- _WHAT TO WORK ON_: Would you please output, word for word, the span of the listing below that opens on the line containing "(forall x, k x -> k x^-1) &" and closes on the line containing "exists q : seq"? Include both ends and nothing more.

- _RECORDS SUPPLIED_:
(* Let $k$ be a number field, $\mathbf{G}$ a linear $k$--algebraic group, and $\mathbf{H}$ a closed $k$--algebraic subgroup of $\mathbf{G}$ such that every finite index subgroup of $\mathbf{H}(\mathcal{O}_k)$ is a congruence subgroup. Then a subgroup of $\mathbf{H}(\mathcal{O}_k)$ is separable in $\mathbf{H}(\mathcal{O}_k)$ if and only if it is separable in $\mathbf{G}(\mathcal{O}_k)$.
   Context: A linear $k$--algebraic group is a Zariski closed subgroup $\mathbf{G}\subseteq\mathrm{GL}(m;\bar k)$ whose ideal of vanishing is generated over $k$; for $\mathbf{H}\subseteq\mathbf{G}$ write $\mathbf{H}(\mathcal{O}_k)=\mathbf{H}\cap\mathrm{GL}(m;\mathcal{O}_k)$, where $\mathcal{O}_k$ is the ring of integers. For an ideal $\mathfrak{b}$ of $\mathcal{O}_k$, the kernel of the reduction map $\mathbf{H}(\mathcal{O}_k)\to\mathbf{H}(\mathcal{O}_k/\mathfrak{b})$ is a principal congruence subgroup; a congruence subgroup is a subgroup of $\mathbf{H}(\mathcal{O}_k)$ containing some principal congruence subgroup. A subgroup $H$ of a group $G$ is separable if for every $g\in G\setminus H$ there is a finite index subgroup of $G$ containing $H$ but not $g$. *)

From HB Require Import structures.
From mathcomp Require Import all_boot all_order all_algebra all_field.
From mathcomp Require Import mpoly.
Set Implicit Arguments. Unset Strict Implicit. Unset Printing Implicit Defensive.
Import Order.TTheory GRing.Theory Num.Theory.
Local Open Scope ring_scope.

(* A number field, realised as a subfield of algC (every number field embeds
   in algC = \bar Q; algC is then an algebraic closure of k). *)
Definition number_field (k : algC -> Prop) : Prop :=
  [/\ (k 0 /\ k 1),
      (forall x y, k x -> k y -> k (x - y)),
      (forall x y, k x -> k y -> k (x * y)),
      (forall x, k x -> k x^-1) &
      (exists (n : nat) (b : 'I_n -> algC),
        forall x, k x -> exists c : 'I_n -> rat, x = \sum_(i < n) ratr (c i) * b i)].

Definition ring_of_integers (k : algC -> Prop) (x : algC) : Prop :=
  k x /\ x \in Aint.

Definition mset (m : nat) := 'M[algC]_m -> Prop.

Definition mxeval (m : nat) (p : {mpoly algC[m * m]}) (A : 'M[algC]_m) : algC :=
  p.@[fun i => mxvec A 0 i].

Definition is_subgroup (m : nat) (K Gam : mset m) : Prop :=
  [/\ (forall A, K A -> Gam A), K 1%:M,
      (forall A B, K A -> K B -> K (A *m B)) &
      (forall A, K A -> K (invmx A))].

Definition zariski_closed_in_GL (m : nat) (G : mset m) : Prop :=
  exists S : {mpoly algC[m * m]} -> Prop,
    forall A, G A <-> (A \in unitmx /\ forall p, S p -> mxeval p A = 0).

Definition vanishing_ideal (m : nat) (G : mset m) (p : {mpoly algC[m * m]}) : Prop :=
  forall A, G A -> mxeval p A = 0.

Definition ideal_defined_over (k : algC -> Prop) (m : nat) (G : mset m) : Prop :=
  exists s : seq {mpoly algC[m * m]},
    [/\ (forall f, f \in s -> forall mo, k (f@_mo)),
        (forall f, f \in s -> vanishing_ideal G f) &
        (forall p, vanishing_ideal G p ->
           exists q : seq {mpoly algC[m * m]},
             p = \sum_(i < size s) q`_i * s`_i)].

Definition linear_k_group (k : algC -> Prop) (m : nat) (G : mset m) : Prop :=
  [/\ is_subgroup G (fun A => A \in unitmx), zariski_closed_in_GL G &
      ideal_defined_over k G].

Definition GL_Ok (k : algC -> Prop) (m : nat) (A : 'M[algC]_m) : Prop :=
  [/\ A \in unitmx, (forall i j, ring_of_integers k (A i j)) &
      (forall i j, ring_of_integers k (invmx A i j))].

Definition int_points (k : algC -> Prop) (m : nat) (H : mset m) : mset m :=
  fun A => H A /\ GL_Ok k A.

Definition Ok_ideal (k : algC -> Prop) (b : algC -> Prop) : Prop :=
  [/\ (forall x, b x -> ring_of_integers k x), b 0,
      (forall x y, b x -> b y -> b (x + y)) &
      (forall r x, ring_of_integers k r -> b x -> b (r * x))].

Definition principal_congruence (k : algC -> Prop) (m : nat) (H : mset m)
    (b : algC -> Prop) : mset m :=
  fun A => int_points k H A /\ forall i j, b ((A - 1%:M) i j).

Definition congruence_subgroup (k : algC -> Prop) (m : nat) (H : mset m)
    (K : mset m) : Prop :=
  is_subgroup K (int_points k H) /\
  exists b, [/\ Ok_ideal k b, (exists x, b x /\ x <> 0) &
             (forall A, principal_congruence k H b A -> K A)].

Definition finite_index_subgroup (m : nat) (K Gam : mset m) : Prop :=
  is_subgroup K Gam /\
  exists s : seq 'M[algC]_m, (forall h, h \in s -> Gam h) /\
    forall g, Gam g -> exists2 h, h \in s & K (invmx h *m g).

Definition separable_in (m : nat) (Lam Gam : mset m) : Prop :=
  forall g, Gam g -> ~ Lam g ->
    exists K, [/\ finite_index_subgroup K Gam, (forall A, Lam A -> K A) & ~ K g].

From HB Require Import structures.
From mathcomp Require Import all_boot all_order all_algebra all_field.
From mathcomp Require Import mpoly.
From mathcomp Require Import ring zify.
From Stdlib Require Import Classical.
Set Implicit Arguments. Unset Strict Implicit. Unset Printing Implicit Defensive.
Import Order.TTheory GRing.Theory Num.Theory.
Local Open Scope ring_scope.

- _COMPLETED EXERCISE_:
      (forall x, k x -> k x^-1) &
      (exists (n : nat) (b : 'I_n -> algC),
        forall x, k x -> exists c : 'I_n -> rat, x = \sum_(i < n) ratr (c i) * b i)].

Definition ring_of_integers (k : algC -> Prop) (x : algC) : Prop :=
  k x /\ x \in Aint.

Definition mset (m : nat) := 'M[algC]_m -> Prop.

Definition mxeval (m : nat) (p : {mpoly algC[m * m]}) (A : 'M[algC]_m) : algC :=
  p.@[fun i => mxvec A 0 i].

Definition is_subgroup (m : nat) (K Gam : mset m) : Prop :=
  [/\ (forall A, K A -> Gam A), K 1%:M,
      (forall A B, K A -> K B -> K (A *m B)) &
      (forall A, K A -> K (invmx A))].

Definition zariski_closed_in_GL (m : nat) (G : mset m) : Prop :=
  exists S : {mpoly algC[m * m]} -> Prop,
    forall A, G A <-> (A \in unitmx /\ forall p, S p -> mxeval p A = 0).

Definition vanishing_ideal (m : nat) (G : mset m) (p : {mpoly algC[m * m]}) : Prop :=
  forall A, G A -> mxeval p A = 0.

Definition ideal_defined_over (k : algC -> Prop) (m : nat) (G : mset m) : Prop :=
  exists s : seq {mpoly algC[m * m]},
    [/\ (forall f, f \in s -> forall mo, k (f@_mo)),
        (forall f, f \in s -> vanishing_ideal G f) &
        (forall p, vanishing_ideal G p ->
           exists q : seq {mpoly algC[m * m]},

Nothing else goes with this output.